This was of some interest to me because I have been getting the horizontal bars, so I did a lot of research and some testing.

My camera has a nominal sync speed of 1/200 and I am using Britek PS-200 and PS-250 strobes which have a flash duration of 1/1500s. My interest was because I noticed a significant difference when firing just one strobe with a radio trigger and using the built-in optical slaves on the others against having radio receivers on all of the strobes. This was of some interest to me because I have been getting the horizontal bars, so I did a lot of research and some testing.

I did some testing and worked out that my curtain speed (the time from the curtain starting its travel to the time it finishes) is 1/300s, which allows just 1/600s of the shutter being fully open for the flash to trigger and complete its cycle.

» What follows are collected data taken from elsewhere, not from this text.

Theorem theoremA1 (R : realType) (n : nat) (p mu : R)
  (g : 'rV[R]_n -> \bar R) (lstar : 'rV[R]_n) (lam : nat -> 'rV[R]_n) (N : nat) :
  1 <= p -> 0 < mu ->
  (forall x, g x != -oo%E) -> (exists x, g x != +oo%E) ->
  convex_ext g ->
  is_minimizer (main_obj g mu p) lstar ->
  lstar != 0 ->
  lam 0%N != 0 ->
  (forall k, (k < N)%N -> is_minimizer (sub_obj g mu (tweight p (lam k))) (lam k.+1)) ->
  (1 <= N)%N ->
  enorm (lam 0%N) <= enorm lstar ->
  (forall k, (1 <= k <= N)%N -> lam k != lstar) ->
  enorm (lam N - lstar)
    <= (1 - p^-1) * enorm lstar *
       (expR ((1 - p^-1) ^+ (N.-1) * ln (enorm lstar / enorm (lam 0%N))) - 1)
  /\
  (1 - p^-1) * enorm lstar *
       (expR ((1 - p^-1) ^+ (N.-1) * ln (enorm lstar / enorm (lam 0%N))) - 1)
    <= enorm lstar / enorm (lam 0%N) * (enorm lstar - enorm (lam 0%N)) * (1 - p^-1) ^+ N.
Proof.
move=> p_ge1 mu_gt0 g_gtNy g_proper g_cvx lstar_min lstar_neq0 lam0_neq0 lam_min N_ge1
  lam0_le _.
have step := iterate_step p_ge1 mu_gt0 g_gtNy g_proper g_cvx lstar_min lstar_neq0.
have iter := iterates_ln_ratio_le p_ge1 mu_gt0 g_gtNy g_proper g_cvx lstar_min lstar_neq0.
have N1_lt : (N.-1 < N)%N by rewrite prednK.
have [N1_neq0 N1_le N1_ln] := iter lam N lam_min lam0_neq0 lam0_le N.-1 N1_lt.
have [_ _ _] := step (lam N.-1) (lam N.-1.+1) N1_neq0 N1_le (lam_min _ N1_lt).
rewrite prednK // => distN.
set B := enorm lstar in distN N1_ln *; set n0 := enorm (lam 0%N) in N1_ln lam0_le *.
set q := 1 - p^-1 in distN N1_ln *; set w := q ^+ N.-1 in N1_ln *.
have /andP[pV_ge0 pV_le1] := invr_itv01 p_ge1.
have q_ge0 : 0 <= q by rewrite /q; lra.
have w01 : 0 <= w <= 1 by rewrite exprn_ge0 // exprn_ile1 // /q; lra.
have qB_ge0 : 0 <= q * B by rewrite mulr_ge0 ?enorm_ge0.
split.
  rewrite (le_trans distN) // mulrAC ler_wpM2l // (le_trans N1_ln) //.
  by have := expR_ge1Dx (w * ln (B / n0)); lra.
have n0_gt0 : 0 < n0 by rewrite enorm_gt0.
have -> : B / n0 * (B - n0) * q ^+ N = q * B * (w * (B / n0 - 1)).
  by rewrite -(prednK N_ge1) exprS -/w; field; rewrite gt_eqF.
rewrite ler_wpM2l //; have := expRM_sub1_le w (ln (B / n0)) w01.
by rewrite lnK // posrE divr_gt0 // enorm_gt0.
Qed.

I'm assuming that the camera triggers the flash immediately after the front curtain is fully open. If you take into account the lag on the wireless trigger, say about 1ms, and using the rated shutter speed of 1/200, the radio-triggered triggered flash will have just completed its cycle when the second curtain starts to move.

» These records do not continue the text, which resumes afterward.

Lemma inner_abs_le m x y : 2 * Rabs (inner m x y) <= inner m x x + inner m y y.
Proof.
  assert (Hterm : forall a b, 2 * Rabs (a * b) <= a * a + b * b).
  { intros a b. pose proof (pow2_ge_0 (a - b)). pose proof (pow2_ge_0 (a + b)).
    assert (Rabs (a * b) <= (a * a + b * b) / 2) by (apply Rabs_le; split; nra).
    lra. }
  unfold inner. induction m as [|m IH]; simpl; [apply Hterm|].
  pose proof (Rabs_triang (sum_f_R0 (fun i => x i * y i) m) (x (S m) * y (S m))).
  pose proof (Hterm (x (S m)) (y (S m))). lra.
Qed.

Lemma inner_sphere_bound m x y :
  on_sphere m x -> on_sphere m y -> -1 <= inner m x y <= 1.
Proof.
  intros Hx Hy. pose proof (inner_abs_le m x y) as H.
  unfold on_sphere in Hx, Hy. rewrite Hx, Hy in H.
  apply Rabs_le_between. lra.
Qed.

This means that however fast the optical slave triggers are, even if they respond within 60 microseconds (as Carl suggests above) you will get unequal exposure because the second curtain has started to close before the rest of the strobes have finished their cycle. The problem is that using a mixed trigger system induces a lag that is the sum of each type.

As a result, my recommendation would be not to mix radio and optical triggers if you are trying to get the fastest shutter speed you can out of your system. All radio or all optical. As an aside, the bigger, more powerful strobes usually have a longer flash duration - up to 1/500s or longer - which would theoretically make the problem worse, although I don't have any so I haven't been able to test this.